Figure 6 Illustration for getting the potential PPIs from the developed genomic models.

All the consensus interactions between possible combinations of four developed models were searched and finally a total of 59,430 unique PPI pairs are obtained (Supplementary Data Sheet 1). The whole process of obtaining final PPIs is shown in Figure 6.

2.5 Machine learning model development

The predicted PPIs from the genomic information-based methods were further used to develop a machine learning-based model that could predict PPIs efficiently. The PPIs obtained as the consensus of four genomic models were considered as positive samples. On the other hand, an equal number of negative samples were obtained from the random pairing of probable negative candidates of rice and M. grisea.

2.5.1 Features extraction

The widely used features, amino acid composition (AAC), and conjoint triad (CT) were extracted from protein sequences.

2.5.2 Amino acid composition

AAC provides a 20-dimensional feature vector for each protein. For each query protein y, let f(x_i) denote the frequencies of occurrence of its 20-amino acid constituent. Hence, the amino acid composition (P_x) in the query protein has been represented by

\begin{array}{l} P (x_{i}) = \frac{f (x_{i})}{\sum_{i = 1}^{20} f (x_{i})} i = 1, 2, 3 \dots ...20 & (1) \end{array}

and the protein x in the composition space was defined as: P(x) = [P₁(x), P₂(x),…, P₂₀(x)]. By combining their distinct AAC, each pair of host–pathogen PPI is represented by a 40-length feature vector.

2.5.3 Conjoint triad

Shen et al. (Hulbert et al., 2001) first introduced the “Conjoint triad” descriptor for the protein sequence in predicting the PPIs.

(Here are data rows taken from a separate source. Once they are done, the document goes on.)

(* Let $u_{1:T}=(u_1,\ldots,u_T)\in(\mathbb{R}^d)^T$, let $1\le k\le T$ and $\tau\in[0:T-k]$, and let $w_{1:T}$ be obtained from $u_{1:T}$ by local averaging: $w_t=u_t$ for $t\notin[\tau+1:\tau+k]$ and $w_{\tau+1}=\cdots=w_{\tau+k}=k^{-1}\sum_{i=1}^k u_{\tau+i}$. Let $\bar u=T^{-1}\sum_t u_t$ and $\bar w=T^{-1}\sum_t w_t$. Then 1. $\sum_{t=1}^{T-1}\|w_{t+1}-w_t\|_2\le\sum_{t=1}^{T-1}\|u_{t+1}-u_t\|_2$; 2. $\sum_{t=1}^T\|w_t-\bar w\|_2\le\sum_{t=1}^T\|u_t-\bar u\|_2$; 3. $\sum_{t=1}^T\|w_t-\bar w\|_2^2\le\sum_{t=1}^T\|u_t-\bar u\|_2^2$; 4. $\sum_{t=1}^T\|w_t\|_2\le\sum_{t=1}^T\|u_t\|_2$ and $\sum_{t=1}^T\|w_t\|_2^2\le\sum_{t=1}^T\|u_t\|_2^2$. *)

(* vectors in R^d are row vectors 'rV[R]_d over a real closed
   field R (the reals are an instance). Sequences u_{1:T} are nat-indexed,
   only indices 1..T are used. *)
From HB Require Import structures.
From mathcomp Require Import all_boot all_order all_algebra.
Set Implicit Arguments. Unset Strict Implicit. Unset Printing Implicit Defensive.
Import Order.TTheory GRing.Theory Num.Theory.
Local Open Scope ring_scope.

Definition norm2 (R : rcfType) (d : nat) (v : 'rV[R]_d) : R :=
  Num.sqrt (\sum_(j < d) (v ord0 j) ^+ 2).

Definition local_avg (R : rcfType) (d : nat) (u : nat -> 'rV[R]_d)
    (k tau : nat) : nat -> 'rV[R]_d :=
  fun t => if ((tau < t) && (t <= tau + k))%N
           then (k%:R)^-1 *: \sum_(1 <= i < k.+1) u (tau + i)%N
           else u t.

Definition seq_mean (R : rcfType) (d : nat) (u : nat -> 'rV[R]_d) (T : nat)
  : 'rV[R]_d := (T%:R)^-1 *: \sum_(1 <= t < T.+1) u t.

(* Averaging changes u only on the block, so each sum splits into an unchanged
   outer part and the block part.  For the sums of norms and squared norms of
   u_t - c, the triangle inequality (followed by Cauchy-Schwarz for squares)
   bounds k copies of the block mean by the block itself; as averaging
   preserves the overall mean, the same c = ū serves for both sequences.  In
   the total variation only the jumps into and out of the block survive; their
   sum is at most the average over i of the detour u_tau -> u_(tau+i) ->
   u_(tau+k+1), each of which is bounded by the variation of u across the
   block. *)
From HB Require Import structures.
From mathcomp Require Import all_boot all_order all_algebra.
From mathcomp Require Import ring lra zify.
Import Order.TTheory GRing.Theory Num.Theory.
Local Open Scope ring_scope.

Lemma sqr_sum_mul_le {R : realDomainType} {I : Type} (r : seq I) (a b : I -> R) :
  (\sum_(i <- r) a i * b i) ^+ 2
    <= (\sum_(i <- r) a i ^+ 2) * (\sum_(i <- r) b i ^+ 2).
Proof.
set P := _ * _; set Q := _ ^+ 2.
have lagrange : (P - Q) *+ 2 =
    \sum_(i <- r) \sum_(j <- r) (a i * b j - a j * b i) ^+ 2.
  have P1 : P = \sum_(i <- r) \sum_(j <- r) a i ^+ 2 * b j ^+ 2.
    by rewrite /P big_distrlr.
  have P2 : P = \sum_(i <- r) \sum_(j <- r) a j ^+ 2 * b i ^+ 2.
    by rewrite /P mulrC big_distrlr; apply: eq_bigr => i _; apply: eq_bigr => j _;
      rewrite mulrC.
  have Q1 : Q = \sum_(i <- r) \sum_(j <- r) (a i * b i) * (a j * b j).
    by rewrite /Q expr2 big_distrlr.
  rewrite mulrnBl mulr2n {1}P1 P2 Q1 -big_split -sumrMnl -sumrB /=.
  apply: eq_bigr => i _; rewrite -big_split -sumrMnl -sumrB.
  by apply: eq_bigr => j _ /=; ring.
rewrite -subr_ge0 -(pmulrn_lge0 _ (ltn0Sn 1)) lagrange.
by apply: sumr_ge0 => i _; apply: sumr_ge0 => j _; exact: sqr_ge0.
Qed.

Lemma sqr_sum_le_size {R : realDomainType} {I : Type} (r : seq I) (y : I -> R) :
  (\sum_(i <- r) y i) ^+ 2 <= (size r)%:R * \sum_(i <- r) y i ^+ 2.
Proof.
have := sqr_sum_mul_le r y (fun _ => 1).
under eq_bigr do rewrite mulr1.
under [X in _ <= _ * X]eq_bigr do rewrite expr1n.
by rewrite big_const_seq count_predT iter_addr_0 mulrC.
Qed.

Lemma ler_sum_nat_window {R : numDomainType} (f g : nat -> R) (a lo hi b : nat) :
    (a <= lo <= hi)%N -> (hi <= b)%N ->
    (forall t, (a <= t < lo)%N || (hi <= t < b)%N -> f t = g t) ->
    \sum_(lo <= t < hi) f t <= \sum_(lo <= t < hi) g t ->
  \sum_(a <= t < b) f t <= \sum_(a <= t < b) g t.
Proof.
move=> /andP[a_lo lo_hi] hi_b f_eq_g window.
have lo_b := leq_trans lo_hi hi_b.
rewrite !(big_cat_nat (n := lo) (m := a) (p := b)) //.
rewrite !(big_cat_nat (n := hi) (m := lo) (p := b)) //=.
rewrite !addrA; apply: lerD; first apply: lerD => //.
all: by apply: ler_sum_nat => t t_in; rewrite f_eq_g // t_in ?orbT.
Qed.

Section Norm2.
Context {R : rcfType} {d : nat}.
Implicit Types (a b v : 'rV[R]_d).

Lemma norm2_ge0 v : 0 <= norm2 v.
Proof. exact: sqrtr_ge0. Qed.

Lemma sqr_norm2 v : norm2 v ^+ 2 = \sum_(j < d) v ord0 j ^+ 2.
Proof. by rewrite sqr_sqrtr // sumr_ge0 // => j _; exact: sqr_ge0. Qed.

Lemma norm2Z (c : R) v : norm2 (c *: v) = `|c| * norm2 v.
Proof.
rewrite /norm2 -sqrtr_sqr -sqrtrM ?sqr_ge0 // mulr_sumr.
by congr Num.sqrt; apply: eq_bigr => j _; rewrite mxE exprMn.
Qed.

Lemma norm2_0 : norm2 (0 : 'rV[R]_d) = 0.
Proof. by rewrite -(scale0r 0) norm2Z normr0 mul0r. Qed.

Lemma norm2Mn v n : norm2 (v *+ n) = norm2 v *+ n.
Proof. by rewrite -scaler_nat norm2Z normr_nat mulr_natl. Qed.

Lemma norm2_distC a b : norm2 (a - b) = norm2 (b - a).
Proof. by rewrite -opprB -scaleN1r norm2Z normrN normr1 mul1r. Qed.

Lemma dot_le_mul_norm2 a b :
  \sum_(j < d) a ord0 j * b ord0 j <= norm2 a * norm2 b.
Proof.
apply: le_trans (ler_norm _) _.
rewrite -ler_sqr ?nnegrE ?normr_ge0 ?mulr_ge0 ?norm2_ge0 //.
by rewrite exprMn !sqr_norm2 real_normK ?num_real ?sqr_sum_mul_le.
Qed.

Lemma ler_norm2D a b : norm2 (a + b) <= norm2 a + norm2 b.
Proof.
rewrite -ler_sqr ?nnegrE ?addr_ge0 ?norm2_ge0 //.
have -> : norm2 (a + b) ^+ 2 =
    norm2 a ^+ 2 + norm2 b ^+ 2 + 2 * \sum_(j < d) a ord0 j * b ord0 j.
  rewrite !sqr_norm2 mulr_sumr -!big_split /=.
  by apply: eq_bigr => j _; rewrite mxE; ring.
have := dot_le_mul_norm2 a b; lra.
Qed.

Lemma ler_norm2_sum (I : Type) (r : seq I) (F : I -> 'rV[R]_d) :
  norm2 (\sum_(i <- r) F i) <= \sum_(i <- r) norm2 (F i).
Proof.
elim/big_rec2: _ => [|i y1 y2 _ IH]; first by rewrite norm2_0.
by apply: le_trans (ler_norm2D _ _) _; rewrite lerD2l.
Qed.

Lemma ler_norm2_sub_steps (u : nat -> 'rV[R]_d) i j : (i <= j)%N ->
  norm2 (u j - u i) <= \sum_(i <= t < j) norm2 (u t.+1 - u t).
Proof.
move=> /subnK <-; elim: (j - i)%N => [|n IH].
  by rewrite add0n subrr norm2_0 big_geq.
rewrite addSn big_nat_recr ?leq_addl //= addrC.
have -> : u (n + i).+1 - u i = u (n + i).+1 - u (n + i)%N + (u (n + i)%N - u i).
  by rewrite addrA subrK.
by apply: le_trans (ler_norm2D _ _) _; rewrite lerD.
Qed.

End Norm2.

Definition vmean {R : rcfType} {d : nat} {I : Type} (r : seq I) (x : I -> 'rV[R]_d)
  : 'rV[R]_d := (size r)%:R^-1 *: \sum_(i <- r) x i.

Section VectorMean.
Context {R : rcfType} {d : nat} {I : Type} (r : seq I) (x : I -> 'rV[R]_d).
Hypothesis size_r_gt0 : (0 < size r)%N.

Lemma vmean_mulrn : vmean r x *+ size r = \sum_(i <- r) x i.
Proof. by rewrite -scaler_nat scalerA mulfV ?scale1r // pnatr_eq0 -lt0n. Qed.

Lemma norm2_vmean_sub_le c :
  norm2 (vmean r x - c) *+ size r <= \sum_(i <- r) norm2 (x i - c).
Proof.
rewrite -norm2Mn mulrnBl vmean_mulrn -[c *+ _]iter_addr_0 -count_predT.
by rewrite -big_const_seq -sumrB ler_norm2_sum.
Qed.

Lemma sqr_norm2_vmean_sub_le c :
  norm2 (vmean r x - c) ^+ 2 *+ size r <= \sum_(i <- r) norm2 (x i - c) ^+ 2.
Proof.
rewrite -(ler_pMn2r size_r_gt0) -mulrnA -exprMn_n -[X in _ <= X]mulr_natl.
apply: le_trans (sqr_sum_le_size r _).
rewrite ler_sqr ?nnegrE ?mulrn_wge0 ?norm2_ge0 ?sumr_ge0 ?norm2_vmean_sub_le //.
by move=> i _; exact: norm2_ge0.
Qed.

End VectorMean.

Section LocalAverage.
Context {R : rcfType} {d : nat} (u : nat -> 'rV[R]_d) (k tau : nat).
Hypothesis k_gt0 : (0 < k)%N.

Let w := local_avg u k tau.
Let m := vmean (index_iota 1 k.+1) (fun i => u (tau + i)%N).

Lemma size_index_iota_block : size (index_iota 1 k.+1) = k.
Proof. by rewrite size_iota subn1. Qed.

Lemma local_avg_in t : (tau < t <= tau + k)%N -> w t = m.
Proof. by move=> t_in; rewrite /w /local_avg t_in /m /vmean size_index_iota_block. Qed.

Lemma local_avg_out t : ~~ (tau < t <= tau + k)%N -> w t = u t.
Proof. by move=> /negbTE t_out; rewrite /w /local_avg t_out. Qed.

Lemma norm2_block_mean_le c :
  norm2 (m - c) *+ k <= \sum_(1 <= i < k.+1) norm2 (u (tau + i)%N - c).
Proof.
have := norm2_vmean_sub_le (index_iota 1 k.+1) (fun i => u (tau + i)%N) _ c.
by rewrite size_index_iota_block; apply.
Qed.

Lemma sqr_norm2_block_mean_le c :
  norm2 (m - c) ^+ 2 *+ k <= \sum_(1 <= i < k.+1) norm2 (u (tau + i)%N - c) ^+ 2.
Proof.
have := sqr_norm2_vmean_sub_le (index_iota 1 k.+1) (fun i => u (tau + i)%N) _ c.
by rewrite size_index_iota_block; apply.
Qed.

Lemma sum_block_shift {V : nmodType} (F : nat -> V) :
  \sum_(tau.+1 <= t < (tau + k).+1) F t = \sum_(1 <= i < k.+1) F (tau + i)%N.
Proof.
rewrite -(add1n tau) big_addn (_ : _ - tau = k.+1)%N; last by lia.
by apply: eq_bigr => i _; rewrite addnC.
Qed.

Lemma block_mean_mulrn : m *+ k = \sum_(1 <= i < k.+1) u (tau + i)%N.
Proof. by rewrite -[in LHS]size_index_iota_block vmean_mulrn ?size_index_iota_block. Qed.

(* [p] ([q]) tells whether the jump into (out of) the block, at t = tau
   (t = tau + k), is one of the summed differences; [lo p, hi q) is then the
   range where the differences of w and u may differ. *)
Let lo (p : bool) := if p then tau else tau.+1.
Let hi (q : bool) := if q then (tau + k).+1 else (tau + k)%N.

Lemma variation_window_local_avg (p q : bool) :
  \sum_(lo p <= t < hi q) norm2 (w t.+1 - w t)
    = (if p then norm2 (m - u tau) else 0)
      + (if q then norm2 (u (tau + k).+1 - m) else 0).
Proof.
have interior : \sum_(tau.+1 <= t < tau + k) norm2 (w t.+1 - w t) = 0.
  rewrite big_nat_cond big1 // => t /andP[t_in _].
  by rewrite !local_avg_in ?subrr ?norm2_0 //; lia.
have -> : \sum_(lo p <= t < hi q) norm2 (w t.+1 - w t)
    = (if p then norm2 (w tau.+1 - w tau) else 0)
      + \sum_(tau.+1 <= t < hi q) norm2 (w t.+1 - w t).
  by rewrite /lo; case: p; rewrite ?add0r // big_ltn // /hi; case: q; lia.
have -> : \sum_(tau.+1 <= t < hi q) norm2 (w t.+1 - w t)
    = \sum_(tau.+1 <= t < tau + k) norm2 (w t.+1 - w t)
      + (if q then norm2 (w (tau + k).+1 - w (tau + k)%N) else 0).
  by rewrite /hi; case: q; rewrite ?addr0 // big_nat_recr //=; lia.
rewrite interior add0r; congr (_ + _).
  by case: p => //; rewrite local_avg_in ?local_avg_out //; lia.
by case: q => //; rewrite local_avg_out ?local_avg_in //; lia.
Qed.

Lemma variation_window_le (p q : bool) :
  \sum_(lo p <= t < hi q) norm2 (w t.+1 - w t)
    <= \sum_(lo p <= t < hi q) norm2 (u t.+1 - u t).
Proof.
rewrite variation_window_local_avg -(ler_pMn2r k_gt0) mulrnDl.
have detour i : (1 <= i < k.+1)%N ->
    (if p then norm2 (u (tau + i)%N - u tau) else 0)
    + (if q then norm2 (u (tau + k).+1 - u (tau + i)%N) else 0)
    <= \sum_(lo p <= t < hi q) norm2 (u t.+1 - u t).
  move=> i_in; rewrite (big_cat_nat (n := (tau + i)%N)) /=; first last.
  - by rewrite /hi; case: q; lia.
  - by rewrite /lo; case: p; lia.
  have steps_ge0 a b : 0 <= \sum_(a <= t < b) norm2 (u t.+1 - u t).
    by apply: sumr_ge0 => t _; exact: norm2_ge0.
  apply: lerD; [rewrite /lo; case: p | rewrite /hi; case: q] => //.
    by apply: (ler_norm2_sub_steps u tau); lia.
  by apply: (ler_norm2_sub_steps u (tau + i)); lia.
apply: le_trans (_ : _ <= \sum_(1 <= i < k.+1) _) _; last first.
  by apply: le_trans (ler_sum_nat detour) _; rewrite sumr_const_nat subn1.
clear detour; rewrite big_split /=; apply: lerD.
  by case: p; [exact: norm2_block_mean_le | rewrite mul0rn big1].
case: q; last by rewrite mul0rn big1.
rewrite norm2_distC; under eq_bigr do rewrite norm2_distC.
exact: norm2_block_mean_le.
Qed.

Variable T : nat.
Hypothesis block_le : (tau + k <= T)%N.

Lemma variation_local_avg_le :
  \sum_(1 <= t < T) norm2 (w t.+1 - w t) <= \sum_(1 <= t < T) norm2 (u t.+1 - u t).
Proof.
apply: (ler_sum_nat_window _ _ _ (lo (0 < tau)%N) (hi (tau + k < T)%N));
  last exact: variation_window_le.
- by rewrite /lo /hi; case: (ltnP 0 tau) => ?; case: (ltnP (tau + k) T) => ? /=; lia.
- by rewrite /hi; case: (ltnP (tau + k) T) => ? /=; lia.
move=> t; rewrite /lo /hi.
case: (ltnP 0 tau) => ?; case: (ltnP (tau + k) T) => ? /= /orP[] ?.
all: by rewrite !local_avg_out //; lia.
Qed.

Lemma sum_split_block {V : nmodType} (F : nat -> V) :
  \sum_(1 <= t < T.+1) F t = \sum_(1 <= t < tau.+1) F t
    + \sum_(tau.+1 <= t < (tau + k).+1) F t + \sum_((tau + k).+1 <= t < T.+1) F t.
Proof.
rewrite -(big_cat_nat (n := tau.+1)) // -?(big_cat_nat (n := (tau + k).+1)) //; lia.
Qed.

Lemma sum_local_avg {V : nmodType} (phi : 'rV[R]_d -> V) :
  \sum_(1 <= t < T.+1) phi (w t) + \sum_(1 <= i < k.+1) phi (u (tau + i)%N)
    = \sum_(1 <= t < T.+1) phi (u t) + phi m *+ k.
Proof.
rewrite !sum_split_block -(sum_block_shift (fun t => phi (u t))).
have -> : \sum_(tau.+1 <= t < (tau + k).+1) phi (w t) = phi m *+ k.
  rewrite (eq_big_nat _ _ (F2 := fun=> phi m)) => [|t t_in]; last first.
    by rewrite local_avg_in //; lia.
  by rewrite sumr_const_nat subSS addKn.
have outside a b : (b <= tau.+1)%N || ((tau + k).+1 <= a)%N ->
    \sum_(a <= t < b) phi (w t) = \sum_(a <= t < b) phi (u t).
  by move=> ab; apply: eq_big_nat => t t_in; rewrite local_avg_out //; lia.
rewrite !outside ?leqnn ?orbT //.
set B := \sum_(tau.+1 <= t < _) _.
by rewrite -!addrA (addrC (phi m *+ k)) [_ + B]addrC -!addrA.
Qed.

Lemma ler_sum_local_avg (phi : 'rV[R]_d -> R) :
    phi m *+ k <= \sum_(1 <= i < k.+1) phi (u (tau + i)%N) ->
  \sum_(1 <= t < T.+1) phi (w t) <= \sum_(1 <= t < T.+1) phi (u t).
Proof. by move=> jensen; rewrite -(lerD2r (phi m *+ k)) -sum_local_avg lerD2l. Qed.

Lemma seq_mean_local_avg : seq_mean w T = seq_mean u T.
Proof.
rewrite /seq_mean; congr (_ *: _).
by apply: (addIr (m *+ k)); rewrite -(sum_local_avg id) block_mean_mulrn.
Qed.

End LocalAverage.

Theorem lemma10 (R : rcfType) (d T k tau : nat) (u : nat -> 'rV[R]_d)
    (hk1 : (1 <= k)%N) (hkT : (k <= T)%N) (htau : (tau <= T - k)%N) :
  let w := local_avg u k tau in
  let ub := seq_mean u T in
  let wb := seq_mean w T in
  [/\ \sum_(1 <= t < T) norm2 (w t.+1 - w t)
        <= \sum_(1 <= t < T) norm2 (u t.+1 - u t),
      \sum_(1 <= t < T.+1) norm2 (w t - wb)
        <= \sum_(1 <= t < T.+1) norm2 (u t - ub),
      \sum_(1 <= t < T.+1) norm2 (w t - wb) ^+ 2
        <= \sum_(1 <= t < T.+1) norm2 (u t - ub) ^+ 2,
      \sum_(1 <= t < T.+1) norm2 (w t)
        <= \sum_(1 <= t < T.+1) norm2 (u t)
    & \sum_(1 <= t < T.+1) norm2 (w t) ^+ 2
        <= \sum_(1 <= t < T.+1) norm2 (u t) ^+ 2].
Proof.
move=> w ub wb.
have block_le : (tau + k <= T)%N by lia.
have sum_le := ler_sum_local_avg u k tau hk1 T block_le.
have block_mean_le := norm2_block_mean_le u k tau hk1.
have sqr_block_mean_le := sqr_norm2_block_mean_le u k tau hk1.
rewrite /wb seq_mean_local_avg //; split.
- exact: variation_local_avg_le.
- exact: sum_le (fun v => norm2 (v - ub)) (block_mean_le ub).
- exact: sum_le (fun v => norm2 (v - ub) ^+ 2) (sqr_block_mean_le ub).
- apply: (sum_le (fun v => norm2 v)); have := block_mean_le 0.
  by rewrite subr0; under eq_bigr do rewrite subr0.
- apply: (sum_le (fun v => norm2 v ^+ 2)); have := sqr_block_mean_le 0.
  by rewrite subr0; under eq_bigr do rewrite subr0.
Qed.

Based on their electrostatic and hydrophobic properties of side chain residues, the 20 native amino acids were grouped into seven classes. Each protein was described by a 343-dimensional feature vector. In the present study, to represent each PPI, the CT descriptors of the host and pathogen proteins were concatenated, resulting in the construction of 686-dimensional feature vectors. A detailed schematic experimental depiction of the constructed machine learning model is shown in Figure 7.

FIGURE 7

Figure 7 A schematic illustration of the machine learning model.

3 Results and discussion

PPI has a very important role in predicting the target protein function (Rao et al., 2014). The complete protein–protein predicted network has also been visualized using the Cytoscape tool (Simonsen et al., 2012) and shown in Figure 8.

FIGURE 8

Figure 8 Visualization of the predicted protein–protein interaction between rice and M. grisea using the Cytoscape tool.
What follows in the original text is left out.